The JFrog security research team has disclosed three zero-day vulnerabilities in PickleScan, a widely used tool for scanning Python pickle files, warning that the flaws could enable large-scale software supply chain attacks, particularly for organisations using the PyTorch machine-learning framework.
All three vulnerabilities are rated Critical with a CVSS score of 9.3. According to JFrog, attackers could exploit the issues to bypass PickleScan’s defences and execute arbitrary code by loading untrusted PyTorch models. The company said this poses a significant risk given PyTorch’s widespread use and the more than 200,000 publicly available models that can be downloaded from online repositories.
Because pickle files can embed executable code, scanning tools like PickleScan are used to prevent malicious payloads from being executed during model loading. JFrog said the newly identified issues show that standard scanning mechanisms can be circumvented, creating an opening for models containing hidden malware to be deployed into production environments.

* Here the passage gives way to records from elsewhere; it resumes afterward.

(* Let $r>5$ with $r\not\equiv 0\pmod 3$, and let $C_r$ be the directed cycle of length $r$. If some type-A prime divides $r$, then $\chi^*_o(C_r)\leq 4-\beta(r)$.
   Context: The directed cycle $C_r$ has vertices $u_i$, $i\in\mathbb{Z}/r\mathbb{Z}$, and arcs $u_iu_{i+1}$. For a set $S$ of $k$ colors, a $b$-fold oriented $k$-coloring of an oriented graph $G$ is a map $f$ from $V(G)$ to the $b$-element subsets of $S$ such that (i) $f(x)\cap f(y)=\emptyset$ for every arc $xy$, and (ii) for all arcs $xy, zw$, $f(x)\cap f(w)\neq\emptyset$ implies $f(y)\cap f(z)=\emptyset$. $\chi^b_o(G)$ is the minimum such $k$, and $\chi^*_o(G)=\lim_{b\to\infty}\chi^b_o(G)/b=\inf_{b\ge1}\chi^b_o(G)/b$. A prime $p>3$ is type-A if $p\equiv 3\pmod 4$. For $r>5$: $\beta(r)=0$ if $r$ has no type-A prime factor, and otherwise $\beta(r)=\frac{4}{p+1}$ where $p$ is the least type-A prime factor of $r$. *)

From HB Require Import structures.
From mathcomp Require Import all_boot all_order all_algebra.
From mathcomp Require Import boolp classical_sets reals.
Set Implicit Arguments. Unset Strict Implicit. Unset Printing Implicit Defensive.
Import Order.TTheory GRing.Theory Num.Theory.

(* Directed cycle C_r: vertices u_i, i in Z/rZ (represented by 'I_r),
   arcs u_i u_{i+1}. *)
Definition cycle_arc (r : nat) : rel 'I_r := fun i j => j == ordS i.

Definition oriented_coloring (T : finType) (arc : rel T) (b k : nat)
    (f : T -> {set 'I_k}) : Prop :=
  [/\ (forall x, #|f x| = b),
      (forall x y, arc x y -> [disjoint f x & f y]) &
      (forall x y z w, arc x y -> arc z w ->
         ~~ [disjoint f x & f w] -> [disjoint f y & f z])].

Definition colorable (T : finType) (arc : rel T) (b k : nat) : Prop :=
  exists f : T -> {set 'I_k}, @oriented_coloring T arc b k f.

(* chi^b_o(G): least k with a b-fold oriented k-coloring
   (defaults to 0 if none exists, which never happens for oriented graphs). *)
Definition chi_b (T : finType) (arc : rel T) (b : nat) : nat :=
  match pselect (exists k, `[< @colorable T arc b k >]) with
  | left h => ex_minn h
  | right _ => 0%N
  end.

Local Open Scope classical_set_scope.
Local Open Scope ring_scope.

Definition chi_star (R : realType) (T : finType) (arc : rel T) : R :=
  inf [set ((chi_b arc b)%:R / b%:R : R) | b in [set b : nat | (0 < b)%N]].

Definition typeA (p : nat) : bool := [&& prime p, (3 < p)%N & (p %% 4 == 3)%N].


Definition beta (R : realType) (r : nat) : R :=
  match pselect (exists p, typeA p && (p %| r)%N) with
  | left h => 4 / ((ex_minn h)%:R + 1)
  | right _ => 0
  end.

From mathcomp Require Import all_boot all_order all_algebra.
From mathcomp Require Import boolp classical_sets reals.
From mathcomp Require Import zify ring lra.
Import Order.TTheory GRing.Theory Num.Theory.

(* Let p = 4m + 3 be a type-A prime dividing r and give u_x the m + 1
   consecutive residues mod p starting at x (m + 1).  Consecutive vertices get
   disjoint blocks, and a colour of u_x is followed by a colour of u_{x+1} at
   a forward distance in (0, 2m + 2).  A conflict between arcs xy and zw would
   close a walk of forward length in (0, 4m + 3) = (0, p) around Z/pZ, which is
   impossible.  Hence chi^{m+1}_o(C_r) <= p and
   chi^*_o(C_r) <= (4m + 3) / (m + 1) = 4 - 4 / (p + 1). *)

Section ArcBlocks.

Variables k b : nat.
Local Notation p := k.+1.

Definition arc_block (n : nat) : {set 'I_p} := [set inZp (n + j) | j : 'I_b].

Lemma mem_arc_block n c :
  c \in arc_block n -> exists2 j, (j < b)%N & val c = (n + j) %% p.
Proof. by case/imsetP=> j _ ->; exists j. Qed.

Lemma card_arc_block n : (b <= p)%N -> #|arc_block n| = b.
Proof.
move=> le_bp; rewrite card_imset ?card_ord // => j1 j2 /(congr1 val) /eqP /=.
by rewrite eqn_modDl !modn_small ?(leq_trans _ le_bp) // => /eqP/val_inj.
Qed.

Lemma arc_block_next n n' a c : n' = n + b %[mod p] ->
  a \in arc_block n -> c \in arc_block n' ->
  exists2 e, (0 < e < b.*2)%N & a + e = c %[mod p].
Proof.
move=> def_n' /mem_arc_block[j lt_jb ->] /mem_arc_block[j' lt_j'b ->].
exists (b + j' - j); first by lia.
rewrite modnDml modn_mod -[in RHS]modnDml def_n' modnDml.
by congr (_ %% _); lia.
Qed.

Lemma addn_neq_mod a e : (0 < e < p)%N -> a + e != a %[mod p].
Proof.
by move=> e_bounds; rewrite -{2}[a]addn0 eqn_modDl mod0n modn_small; lia.
Qed.

Lemma ordS_mul_mod r (x : 'I_r) :
  (p %| r)%N -> ordS x * b = x * b + b %[mod p].
Proof. by move=> p_r; rewrite /= -modnMml (modn_dvdm _ p_r) modnMml mulSnr. Qed.

Definition block_coloring {r} (x : 'I_r) : {set 'I_p} := arc_block (x * b).

Lemma block_coloring_oriented r : (p %| r)%N -> (4 * b <= p.+1)%N ->
  oriented_coloring (@cycle_arc r) b (@block_coloring r).
Proof.
move=> p_r le_4b_p1.
have next (x : 'I_r) a c :
    a \in block_coloring x -> c \in block_coloring (ordS x) ->
    exists2 e, (0 < e < b.*2)%N & a + e = c %[mod p].
  exact/arc_block_next/ordS_mul_mod.
split.
- by move=> x; rewrite card_arc_block //; lia.
- move=> x y /eqP ->; rewrite -setI_eq0; apply/eqP/setP => a.
  rewrite !inE; apply/negP => /andP[ax ay].
  have [e e_bounds ae_a] := next x a a ax ay.
  by move/eqP: ae_a; apply/negP/addn_neq_mod; lia.
- move=> x y z w /eqP -> /eqP ->; rewrite -!setI_eq0 => /set0Pn[a /setIP[ax aw]].
  apply/eqP/setP => c; rewrite !inE; apply/negP => /andP[cy cz].
  have [e1 e1_bounds ae1_c] := next x a c ax cy.
  have [e2 e2_bounds ce2_a] := next z c a cz aw.
  have : a + (e1 + e2) = a %[mod p] by rewrite addnA -modnDml ae1_c modnDml.
  by move/eqP; apply/negP/addn_neq_mod; lia.
Qed.

End ArcBlocks.

Lemma cycle_arc_colorable r b k : (k.+1 %| r)%N -> (4 * b <= k.+2)%N ->
  colorable (@cycle_arc r) b k.+1.
Proof.
by move=> p_r le_4b; exists (block_coloring k b); apply: block_coloring_oriented.
Qed.

Lemma chi_b_le {T : finType} (arc : rel T) b k :
  colorable arc b k -> (chi_b arc b <= k)%N.
Proof.
rewrite /chi_b => col; case: pselect => [ex_col | no_col].
  by case: ex_minnP => k0 _; apply; apply/asboolP.
by case: no_col; exists k; apply/asboolP.
Qed.

Local Open Scope ring_scope.

Lemma chi_star_le (R : realType) {T : finType} {arc : rel T} {b k : nat} :
  (0 < b)%N -> colorable arc b k -> chi_star R arc <= k%:R / b%:R.
Proof.
move=> b_gt0 col; apply: (@le_trans _ _ ((chi_b arc b)%:R / b%:R)).
  apply: ge_inf; last by exists b.
  by exists 0 => _ [b' _ <-]; rewrite divr_ge0.
by rewrite ler_pM2r ?invr_gt0 ?ltr0n // ler_nat chi_b_le.
Qed.

Lemma beta_typeA_witness (R : realType) r : (exists p, typeA p && (p %| r)%N) ->
  exists2 p, typeA p && (p %| r)%N & beta R r = 4 / (p%:R + 1).
Proof.
rewrite /beta => ex_p; case: pselect => // ex_p'.
by case: ex_minnP => p p_ok _; exists p.
Qed.

Lemma typeA_mod4 p : typeA p -> exists m, p = (4 * m).+3%N.
Proof.
case/and3P => _ _ /eqP p_mod4; exists (p %/ 4)%N.
by rewrite {1}(divn_eq p 4) p_mod4; lia.
Qed.

Theorem lemma9 (R : realType) (r : nat) :
  (5 < r)%N -> ~~ (3 %| r)%N ->
  (exists p, typeA p && (p %| r)%N) ->
  chi_star R (@cycle_arc r) <= 4 - beta R r.
Proof.
move=> _ _ /(beta_typeA_witness R) [p /andP[typeA_p p_r] ->].
have [m def_p] := typeA_mod4 p typeA_p.
have col : colorable (@cycle_arc r) m.+1 (4 * m).+3.
  by apply: cycle_arc_colorable; rewrite -?def_p //; lia.
apply: le_trans (chi_star_le R (ltn0Sn m) col) _; rewrite def_p.
suff -> : 4 - 4 / ((4 * m).+3%:R + 1) = (4 * m).+3%:R / m.+1%:R :> R by [].
have m_ge0 : 0 <= m%:R :> R by [].
by field; apply/andP; split; apply: lt0r_neq0; lra.
Qed.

JFrog Security Researcher David Cohen said AI libraries are expanding faster than traditional security tools can adapt, increasing the risk of unanticipated attack techniques. He said the increasing complexity of frameworks like PyTorch — with frequent updates, new model formats and evolving execution paths — widens the gap between innovation and protection.
Cohen said the industry needs a research-driven security layer that continuously analyses AI models, tracks library changes and identifies emerging exploitation methods. “This widening gap leaves organizations exposed to emerging threats that conventional tools simply weren’t designed to anticipate,” he said. “By actively analysing new models and uncovering novel exploitation techniques, this approach delivers adaptive, intelligence-driven protection against the vulnerabilities that matter most.”
JFrog has published a detailed technical analysis of the vulnerabilities and recommended that organisations treat untrusted PyTorch models as potentially dangerous until updated mitigation tools are available.